Starting Out: Riley’s Rebuilds

Routine perusers of Facebook or YouTube might have come across the Riley’s Rebuilds community and channel. Started by Schlick-Trask during her early teen years, Riley’s Rebuilds began as a small carburetor-rebuilding service but has since grown to partner with Edelbrock and become a tuning shop, as well. Today, it makes Schlick-Trask enough money to pay for the college she attends in Connecticut.

“[It’s] a crazy thing,” she said in a recent interview, “to say that a business made by an 18-year-old can now pay for a very expensive college tuition.”

As she tells it, Schlick-Trask was basically born holding a wrench. She grew up in Florida working with her dad in the garage, and he’s why she finds comfort in cars. Everything kicked off when she was 13 and wanted to start saving for her first car.

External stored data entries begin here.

(* Suppose $L$ is in the block upper-triangular form $L=[L^{k,q}]_{k,q=1}^K$ with $L^{k,q}=0$ for $k>q$, where each diagonal block $L^{k,k}$ ($n_k\times n_k$) is irreducible or of dimension one, and for each $k<K$ there is $q>k$ with $L^{k,q}\ne0$. For $k<K$, let $\tilde L^{k,k}$, $D^k$, $\xi^k$, $\Xi^k$, $R^k$ be as defined in the context. Then $Q^k:=\frac12\big[\Xi^kL^{k,k}+(\Xi^kL^{k,k})^\top\big]=R^k+\Xi^kD^k$ is positive definite and $$\Xi^k\le\frac{\rho(\Xi^k)}{\lambda_{\min}(Q^k)}\,Q^k\quad\text{for all }k<K,$$ where $\lambda_{\min}(Q^k)$ is the smallest eigenvalue of $Q^k$ and $M\le N$ means $N-M$ is positive semidefinite.
   Context: $L=D-\mathcal A$ is the Laplacian of a weighted directed graph with nonnegative weights $a_{ij}$ ($a_{ii}=0$), so off-diagonal entries are $\le0$ and row sums of $L$ are zero. Define $\tilde L^{k,k}$ by $\tilde L^{k,k}_{ij}=L^{k,k}_{ij}$ for $i\ne j$ and $\tilde L^{k,k}_{ii}=-\sum_{p\ne i}L^{k,k}_{ip}$; let $D^k=L^{k,k}-\tilde L^{k,k}=\mathrm{diag}(D^k_1,\dots,D^k_{n_k})$ (a nonnegative diagonal matrix). Let $(\xi^k)^\top$ be the positive left eigenvector of $\tilde L^{k,k}$ for eigenvalue $0$ with components summing to $1$ (for $n_k=1$, $\xi^k=1$), $\Xi^k=\mathrm{diag}(\xi^k)$, and $R^k=\frac12[\Xi^k\tilde L^{k,k}+(\Xi^k\tilde L^{k,k})^\top]$. $\rho$ denotes spectral radius. *)

(* Scalars: a numClosedFieldType C (e.g. algC); the real
   numbers of the paper are the elements of C satisfying [x \is Num.real]. *)
From HB Require Import structures.
From mathcomp Require Import all_boot all_order all_algebra.
Set Implicit Arguments. Unset Strict Implicit. Unset Printing Implicit Defensive.
Import Order.TTheory GRing.Theory Num.Theory.
Local Open Scope ring_scope.

Section Defs.
Variable C : numClosedFieldType.

Definition ctr {m n : nat} (M : 'M[C]_(m, n)) : 'M[C]_(n, m) :=
  (map_mx (fun z : C => z^*) M)^T.

Definition laplacian {n : nat} (a : 'M[C]_n) : 'M[C]_n :=
  \matrix_(i, j) ((i == j)%:R * (\sum_(p < n) a i p) - a i j).

Definition weight_matrix {n : nat} (a : 'M[C]_n) : Prop :=
  (forall i j, 0 <= a i j) /\ (forall i, a i i = 0).

(* irreducible matrix: there is no nonempty proper index set S with
   M i j = 0 for all i in S, j notin S (i.e. M is not permutation-similar
   to a block triangular matrix with nontrivial square diagonal blocks). *)
Definition irreducible_mx {n : nat} (M : 'M[C]_n) : Prop :=
  forall S : {set 'I_n}, S != set0 -> S != setT ->
    exists i j, [/\ i \in S, j \notin S & M i j != 0].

Being too young to work and with the minimum wage in Florida at the time a measly $8 per hour: “That wouldn’t get me to what I really wanted,” Schlick-Trask said, “and I [would have] had to be working long hours.”

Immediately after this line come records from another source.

(* There is an absolute constant $c>0$ such that for all $\varepsilon,\delta\in(0,1)$ the following holds: any sublinear algorithm which, for every finite input multiset $A\subset\mathbb{R}^d$, outputs a $(1+\varepsilon)$-approximate mean of $A$ with probability at least $1-\delta$ must sample at least $c\,\varepsilon^{-1}\log\delta^{-1}$ points.
   Context: For a finite multiset $A\subset\mathbb{R}^d$ with $|A|=n$, let $\mathrm{Opt}=\min_{x\in\mathbb{R}^d}\sum_{p\in A}\|p-x\|^2$. A point $x$ is a $(1+\varepsilon)$-approximate mean of $A$ if $\sum_{p\in A}\|p-x\|^2\le(1+\varepsilon)\mathrm{Opt}$. A sublinear algorithm accesses the input $A$ only by drawing points independently and uniformly at random from $A$ (it may use internal randomness); its output depends only on the sampled points and its internal randomness. *)

From HB Require Import structures.
From mathcomp Require Import all_boot all_order all_algebra.
From mathcomp Require Import all_classical all_reals all_analysis.
Set Implicit Arguments. Unset Strict Implicit. Unset Printing Implicit Defensive.
Import Order.TTheory GRing.Theory Num.Theory.
Local Open Scope ring_scope.
Local Open Scope classical_set_scope.

Section Defs.
Variable R : realType.

Definition sqnorm (d : nat) (x : 'rV[R]_d) : R := \sum_(i < d) (x ord0 i) ^+ 2.

(* A finite multiset of n points of R^d is a function 'I_n -> R^d. *)
Definition cost (d n : nat) (A : 'I_n -> 'rV[R]_d) (x : 'rV[R]_d) : R :=
  \sum_(j < n) sqnorm (A j - x).

Definition Opt (d n : nat) (A : 'I_n -> 'rV[R]_d) : R := inf (range (cost A)).

Definition approx_mean (eps : R) (d n : nat) (A : 'I_n -> 'rV[R]_d) (x : 'rV[R]_d) : Prop :=
  cost A x <= (1 + eps) * Opt A.

(* A sublinear algorithm drawing m samples, with internal randomness omega
   from a probability space (Omega, P): its output depends only on omega and
   the sequence of m sampled points. *)
Definition success_event (m d n : nat) (Omega : Type)
  (alg : Omega -> ('I_m -> 'rV[R]_d) -> 'rV[R]_d) (eps : R)
  (A : 'I_n -> 'rV[R]_d) (s : {ffun 'I_m -> 'I_n}) : set Omega :=
  [set w | approx_mean eps A (alg w (fun k => A (s k)))].

(* Success probability when the m samples are i.i.d. uniform indices of A
   (independent of the internal randomness). *)
Definition success_prob (m d n : nat) (dO : measure_display) (Omega : measurableType dO)
  (P : probability Omega R) (alg : Omega -> ('I_m -> 'rV[R]_d) -> 'rV[R]_d) (eps : R)
  (A : 'I_n -> 'rV[R]_d) : R :=
  (n%:R ^+ m)^-1 * \sum_(s : {ffun 'I_m -> 'I_n}) fine (P (success_event alg eps A s)).

End Defs.

(** Take [b] points at the origin and [k ~ eps b] points at [t e_1].  With
    probability [(b/(k+b))^m] every sample is the origin, and then the output
    of the algorithm does not depend on [t].  But a [(1+eps)]-approximate mean
    must have first coordinate in [[mu/2, 3 mu/2]], where [mu = k t/(k+b)] is
    that of the true mean, so for [t = 1, 4, 16, ...] the events "the output on the
    all-zero sample is good for [t]" are pairwise disjoint.  If each had
    probability bounded away from [0] they could not fit in a probability
    space; hence [(b/(k+b))^m <= delta], i.e. [m >= ln(1/delta) / ln(1+k/b)],
    which is of order [eps^-1 ln(1/delta)]. *)
From mathcomp Require Import all_boot all_order all_algebra.
From mathcomp Require Import all_classical all_reals all_analysis.
From mathcomp Require Import ring lra.
Import Order.TTheory GRing.Theory Num.Theory.
Local Open Scope ring_scope.
Local Open Scope classical_set_scope.
Set Implicit Arguments. Unset Strict Implicit.

Section Cost.
Variables (R : realType) (d : nat).

Lemma Opt_le_cost n (A : 'I_n -> 'rV[R]_d) x : Opt A <= cost A x.
Proof.
apply: ge_inf; last by exists x.
exists 0 => _ [y _ <-]; apply: sumr_ge0 => j _.
by apply: sumr_ge0 => i _; exact: sqr_ge0.
Qed.

Lemma sqr_coord_le_sqnorm (i0 : 'I_d) (v : 'rV[R]_d) : v ord0 i0 ^+ 2 <= sqnorm v.
Proof. by rewrite /sqnorm (bigD1 i0) //= lerDl sumr_ge0 // => i _; exact: sqr_ge0. Qed.

Lemma sqnorm_scale_delta_mx (i0 : 'I_d) (c : R) : sqnorm (c *: delta_mx ord0 i0) = c ^+ 2.
Proof.
rewrite /sqnorm (bigD1 i0) //= big1 => [|i /negPf i_neq]; rewrite !mxE !eqxx ?i_neq /=.
  by rewrite mulr1 addr0.
by rewrite mulr0 expr0n.
Qed.

End Cost.

Section ClusterInstance.
Variables (R : realType) (d : nat) (i0 : 'I_d) (k b : nat).

Definition cluster_instance (t : R) : 'I_(k + b) -> 'rV[R]_d :=
  fun j => (if (j < k)%N then t else 0) *: delta_mx ord0 i0.

Lemma sum_cluster_sqr (t y : R) :
  \sum_(j < k + b) ((if (j < k)%N then t else 0) - y) ^+ 2 =
  k%:R * (t - y) ^+ 2 + b%:R * y ^+ 2.
Proof.
rewrite big_split_ord /= (eq_bigr (fun _ => (t - y) ^+ 2)) => [|i _]; last by rewrite ltn_ord.
rewrite [X in _ + X](eq_bigr (fun _ => y ^+ 2)) => [|i _].
  by rewrite !sumr_const !card_ord !mulr_natl.
by rewrite ltnNge leq_addr sub0r sqrrN.
Qed.

Lemma cost_cluster_ge (t : R) (x : 'rV[R]_d) :
  k%:R * (t - x ord0 i0) ^+ 2 + b%:R * x ord0 i0 ^+ 2 <= cost (cluster_instance t) x.
Proof.
rewrite -sum_cluster_sqr; apply: ler_sum => j _.
by apply: le_trans (sqr_coord_le_sqnorm i0 _); rewrite !mxE !eqxx /= mulr1.
Qed.

Lemma cost_cluster_scale_delta_mx (t mu : R) :
  cost (cluster_instance t) (mu *: delta_mx ord0 i0) = k%:R * (t - mu) ^+ 2 + b%:R * mu ^+ 2.
Proof.
by rewrite -sum_cluster_sqr; apply: eq_bigr => j _; rewrite -scalerBl sqnorm_scale_delta_mx.
Qed.

Lemma approx_mean_cluster_coord (eps t : R) (x : 'rV[R]_d) :
  0 <= eps -> (0 < k)%N -> 4 * eps * b%:R <= k%:R -> 0 <= t ->
  approx_mean eps (cluster_instance t) x ->
  `|(k + b)%:R * x ord0 i0 - k%:R * t| <= k%:R * t / 2.
Proof.
move=> eps_ge0 k_gt0 eps_b_le_k t_ge0 good_x.
have k_gt0R : 0 < k%:R :> R by rewrite ltr0n.
have kt_ge0 : 0 <= k%:R * t / 2 by rewrite divr_ge0 // mulr_ge0 // ltW.
rewrite -ler_sqr ?nnegrE // real_normK ?num_real //.
rewrite natrD; set y := x ord0 i0.
have s_gt0 : 0 < k%:R + b%:R :> R by rewrite ltr_wpDr.
set mu := k%:R * t / (k%:R + b%:R).
have s_mu : (k%:R + b%:R) * mu = k%:R * t by rewrite mulrCA divff ?mulr1 // gt_eqF.
have cost_mu : (k%:R + b%:R) * (k%:R * (t - mu) ^+ 2 + b%:R * mu ^+ 2) =
    k%:R * b%:R * t ^+ 2 :> R by nra.
have cost_y : (k%:R + b%:R) * (k%:R * (t - y) ^+ 2 + b%:R * y ^+ 2) =
    ((k%:R + b%:R) * y - k%:R * t) ^+ 2 + k%:R * b%:R * t ^+ 2 :> R by ring.
have near_opt : k%:R * (t - y) ^+ 2 + b%:R * y ^+ 2 <=
    (1 + eps) * (k%:R * (t - mu) ^+ 2 + b%:R * mu ^+ 2).
  apply: le_trans (cost_cluster_ge t x) _; apply: le_trans good_x _.
  by rewrite -cost_cluster_scale_delta_mx ler_wpM2l ?Opt_le_cost //; lra.
have dev_le : ((k%:R + b%:R) * y - k%:R * t) ^+ 2 + k%:R * b%:R * t ^+ 2 <=
    (1 + eps) * (k%:R * b%:R * t ^+ 2).
  by rewrite -cost_y -cost_mu [leRHS]mulrCA ler_wpM2l // ltW.
have kt2_ge0 : 0 <= k%:R * t ^+ 2 :> R by rewrite mulr_ge0 ?sqr_ge0 ?ltW.
have slack : 0 <= k%:R - 4 * eps * b%:R by rewrite subr_ge0.
have := mulr_ge0 slack kt2_ge0.
lra.
Qed.

Lemma approx_mean_cluster_disjoint (eps t t' : R) (x : 'rV[R]_d) :
  0 <= eps -> (0 < k)%N -> 4 * eps * b%:R <= k%:R -> 0 < t -> 4 * t <= t' ->
  approx_mean eps (cluster_instance t) x -> ~ approx_mean eps (cluster_instance t') x.
Proof.
move=> eps_ge0 k_gt0 eps_b_le_k t_gt0 t_le_t' good_t good_t'.
have := approx_mean_cluster_coord eps_ge0 k_gt0 eps_b_le_k (ltW t_gt0) good_t.
have := approx_mean_cluster_coord eps_ge0 k_gt0 eps_b_le_k _ good_t'.
rewrite !ler_norml => /(_ ltac:(lra)) /andP[near_t' _] /andP[_ near_t].
have : k%:R * (4 * t) <= k%:R * t' :> R by rewrite ler_pM2l ?ltr0n.
have : 0 < k%:R * t :> R by rewrite mulr_gt0 ?ltr0n.
lra.
Qed.

End ClusterInstance.

Arguments cluster_instance {R d} i0 k b t _.

Section DisjointEvents.
Variables (R : realType) (dO : measure_display) (Omega : measurableType dO).
Variable P : probability Omega R.

Lemma fine_probability_le1 (X : set Omega) : measurable X -> fine (P X) <= 1.
Proof. by move=> mX; rewrite -lee_fin fineK ?fin_num_measure ?probability_le1. Qed.

Lemma disjoint_events_prob_lb_le0 (F : nat -> set Omega) (g : R) :
  (forall j, measurable (F j)) -> trivIset setT F ->
  (forall j, g <= fine (P (F j))) -> g <= 0.
Proof.
move=> mF tF g_le.
have sum_le1 K : K%:R * g <= 1.
  have mU : measurable (\big[setU/set0]_(j < K) F j) by exact: bigsetU_measurable.
  have := probability_le1 P mU; rewrite measure_bigsetU //.
  have -> : (\sum_(j < K) P (F j) = (\sum_(j < K) fine (P (F j)))%:E)%E.
    by rewrite -sumEFin; apply: eq_bigr => j _; rewrite fineK ?fin_num_measure.
  rewrite lee_fin; apply: le_trans.
  rewrite -[K in K%:R]card_ord mulr_natl -sumr_const.
  by apply: ler_sum => j _.
rewrite leNgt; apply/negP => g_gt0.
have : 1 < (Num.truncn g^-1).+1%:R * g.
  by rewrite -[X in X < _](mulVf (lt0r_neq0 g_gt0)) ltr_pM2r // truncnS_gt.
by rewrite ltNge sum_le1.
Qed.

End DisjointEvents.

Section Sampling.
Variables (R : realType) (m d : nat) (dO : measure_display) (Omega : measurableType dO).
Variables (P : probability Omega R) (alg : Omega -> ('I_m -> 'rV[R]_d) -> 'rV[R]_d).
Variables (eps delta : R).

Lemma success_prob_failure_on_samples n (A : 'I_n -> 'rV[R]_d)
    (S : {set {ffun 'I_m -> 'I_n}}) (F : set Omega) :
  (0 < n)%N -> (forall s, measurable (success_event alg eps A s)) ->
  1 - delta <= success_prob P alg eps A ->
  (forall s, s \in S -> success_event alg eps A s = F) ->
  (1 - fine (P F)) * #|S|%:R <= delta * n%:R ^+ m.
Proof.
move=> n_gt0 m_succ succ_ge succ_S.
set f := fun s => fine (P (success_event alg eps A s)).
have f_le1 s : f s <= 1 := fine_probability_le1 P (m_succ s).
have fail_le : \sum_s (1 - f s) <= delta * n%:R ^+ m.
  rewrite sumrB sumr_const card_ffun !card_ord -natrX.
  move: succ_ge; rewrite /success_prob -natrX ler_pdivlMl ?ltr0n ?expn_gt0 ?n_gt0 //.
  lra.
apply: le_trans fail_le; rewrite mulr_natr -sumr_const big_mkcond /=.
apply: ler_sum => s _; case: ifP => [/succ_S <- //|_].
by rewrite subr_ge0.
Qed.

Definition zero_block_samples (k b : nat) : {set {ffun 'I_m -> 'I_(k + b)}} :=
  [set [ffun i => rshift k (g i)] | g : {ffun 'I_m -> 'I_b}].

Lemma card_zero_block_samples k b : #|zero_block_samples k b| = (b ^ m)%N.
Proof.
rewrite card_imset ?cardsT ?card_ffun ?card_ord // => g1 g2 /ffunP g12.
by apply/ffunP => i; have := g12 i; rewrite !ffunE => /rshift_inj.
Qed.

Lemma success_event_zero_block (i0 : 'I_d) k b (t : R) s :
  s \in zero_block_samples k b ->
  success_event alg eps (cluster_instance i0 k b t) s =
  [set w | approx_mean eps (cluster_instance i0 k b t) (alg w (fun _ => 0))].
Proof.
case/imsetP => g _ ->; rewrite /success_event.
congr [set w | approx_mean _ _ (alg w _)]; apply/funext => w; apply/funext => i.
by rewrite /cluster_instance ffunE /= ltnNge leq_addr scale0r.
Qed.

Lemma zero_block_prob_le (i0 : 'I_d) k b :
  0 <= eps -> (0 < k)%N -> (0 < b)%N -> 4 * eps * b%:R <= k%:R ->
  (forall A : 'I_(k + b) -> 'rV[R]_d,
     (forall s, measurable (success_event alg eps A s)) /\
     1 - delta <= success_prob P alg eps A) ->
  (b%:R / (k + b)%:R) ^+ m <= delta.
Proof.
move=> eps_ge0 k_gt0 b_gt0 eps_b_le_k good_alg.
pose F j := [set w | approx_mean eps (cluster_instance i0 k b (4 ^ j)%:R) (alg w (fun _ => 0))].
have s0_in : [ffun=> rshift k (Ordinal b_gt0)] \in zero_block_samples k b.
  by apply/imsetP; exists [ffun=> Ordinal b_gt0] => //; apply/ffunP => i; rewrite !ffunE.
have F_meas j : measurable (F j).
  by rewrite /F -(success_event_zero_block _ _ s0_in); exact: (good_alg _).1.
have F_fail j : (1 - fine (P (F j))) * (b ^ m)%:R <= delta * (k + b)%:R ^+ m.
  have [m_succ succ_ge] := good_alg (cluster_instance i0 k b (4 ^ j)%:R).
  rewrite -(card_zero_block_samples k); apply: success_prob_failure_on_samples => //.
    by rewrite addn_gt0 k_gt0.
  by move=> s; exact: success_event_zero_block.
have F_lt_disj i j : (i < j)%N -> forall w, F i w -> ~ F j w.
  move=> ij w; apply: approx_mean_cluster_disjoint => //.
  by rewrite -natrM ler_nat -expnS leq_pexp2l.
have F_disj : trivIset setT F.
  move=> i j _ _ [w [Fi Fj]]; case: (ltngtP i j) => // [ij|ji].
    by case: (F_lt_disj _ _ ij w Fi Fj).
  by case: (F_lt_disj _ _ ji w Fj Fi).
have B_gt0 : 0 < (b ^ m)%:R :> R by rewrite ltr0n expn_gt0 b_gt0.
have := disjoint_events_prob_lb_le0 (P := P) F_meas F_disj
  (g := 1 - delta * (k + b)%:R ^+ m / (b ^ m)%:R).
rewrite subr_le0 ler_pdivlMr // mul1r expr_div_n natrX => B_le.
rewrite ler_pdivrMr ?exprn_gt0 ?ltr0n ?addn_gt0 ?k_gt0 //; apply: B_le => j.
by have := F_fail j; rewrite -ler_pdivlMr // natrX; lra.
Qed.

End Sampling.

Lemma ln_invf_le_of_exprV_le (R : realType) (x delta : R) m :
  0 <= x -> 0 < delta -> ((1 + x) ^+ m)^-1 <= delta -> ln delta^-1 <= m%:R * x.
Proof.
move=> x_ge0 delta_gt0 pow_le.
have pow_gt0 : 0 < (1 + x) ^+ m by rewrite exprn_gt0 // ltr_wpDr.
rewrite -ler_expR lnK ?posrE ?invr_gt0 // expRM_natl.
apply: le_trans (lerXn2r _ _ _ (expR_ge1Dx x)); rewrite ?nnegrE ?addr_ge0 ?expR_ge0 //.
by rewrite -[leRHS]invrK lef_pV2 ?posrE ?invr_gt0.
Qed.

Lemma exists_cluster_sizes (R : realType) (eps : R) : 0 < eps -> eps < 1 ->
  exists k b : nat, [/\ (0 < k)%N, (0 < b)%N &
    4 * eps * b%:R <= k%:R <= 16 * eps * b%:R].
Proof.
move=> eps_gt0 eps_lt1; have [quarter_le|eps_lt] := lerP (1 / 4) eps.
  by exists 4%N, 1%N; split => //; apply/andP; split; lra.
set x := (4 * eps)^-1.
have x_ge1 : 1 <= x by rewrite /x invf_ge1; lra.
have /andP[b_le b_gt] := truncn_itv (le_trans ler01 x_ge1).
have b_ge1 : 1 <= (Num.truncn x)%:R :> R by rewrite ler1n truncn_gt0.
have eps_x : 4 * eps * x = 1 by rewrite mulfV // gt_eqF //; lra.
exists 1%N, (Num.truncn x); split; rewrite ?truncn_gt0 //.
rewrite -natr1 in b_gt; apply/andP; split; nra.
Qed.

Theorem theorem5p1 (R : realType) :
  exists c : R, 0 < c /\
  forall (eps delta : R), 0 < eps < 1 -> 0 < delta < 1 ->
  forall (d : nat), (0 < d)%N ->
  forall (m : nat) (dO : measure_display) (Omega : measurableType dO)
         (P : probability Omega R)
         (alg : Omega -> ('I_m -> 'rV[R]_d) -> 'rV[R]_d),
    (forall (n : nat) (A : 'I_n -> 'rV[R]_d), (0 < n)%N ->
       (forall s : {ffun 'I_m -> 'I_n}, measurable (success_event alg eps A s)) /\
       1 - delta <= success_prob P alg eps A) ->
    c * eps^-1 * ln (delta^-1) <= m%:R.
Proof.
exists (1 / 16); split=> [|eps delta /andP[eps_gt0 eps_lt1] /andP[delta_gt0 _]]; first lra.
move=> d d_gt0 m dO Omega P alg good_alg.
have [k [b [k_gt0 b_gt0 /andP[eps_b_le_k k_le_eps_b]]]] := exists_cluster_sizes eps_gt0 eps_lt1.
have kb_gt0 : (0 < k + b)%N by rewrite addn_gt0 k_gt0.
have zero_block_le := zero_block_prob_le (P := P) (alg := alg) (Ordinal d_gt0)
  (ltW eps_gt0) k_gt0 b_gt0 eps_b_le_k (good_alg _^~ kb_gt0).
have b_gt0R : 0 < b%:R :> R by rewrite ltr0n.
have ln_le : ln delta^-1 <= m%:R * (k%:R / b%:R).
  apply: ln_invf_le_of_exprV_le => //.
  by rewrite -exprVn -[X in X + _](divff (lt0r_neq0 b_gt0R)) -mulrDl -natrD addnC invf_div.
have ratio_le : k%:R / b%:R <= 16 * eps by rewrite ler_pdivrMr.
have ln_le16 : ln delta^-1 <= m%:R * (16 * eps) by apply: le_trans ln_le (ler_wpM2l _ ratio_le).
have c_ge0 : 0 <= 1 / 16 * eps^-1 by rewrite mulr_ge0 // invr_ge0 ltW.
apply: le_trans (ler_wpM2l c_ge0 ln_le16) _.
by rewrite [leLHS](_ : _ = m%:R :> R) //; field; rewrite gt_eqF.
Qed.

So instead, Schlick-Trask’s dad had her go into the garage to flip something. She spotted the carburetor on the shelf, and he taught her what it did and how to rebuild it. She learned what the profit margins were, found them agreeable, and that was that. Together, they spent a year driving around Florida, picking up old carburetors, and then fixing and flipping them. Schlick-Trask didn’t just make enough money for her first car, a 1995 Jurassic Park YJ Jeep, but she also could afford parts for modifying it, which is how she spent time during COVID.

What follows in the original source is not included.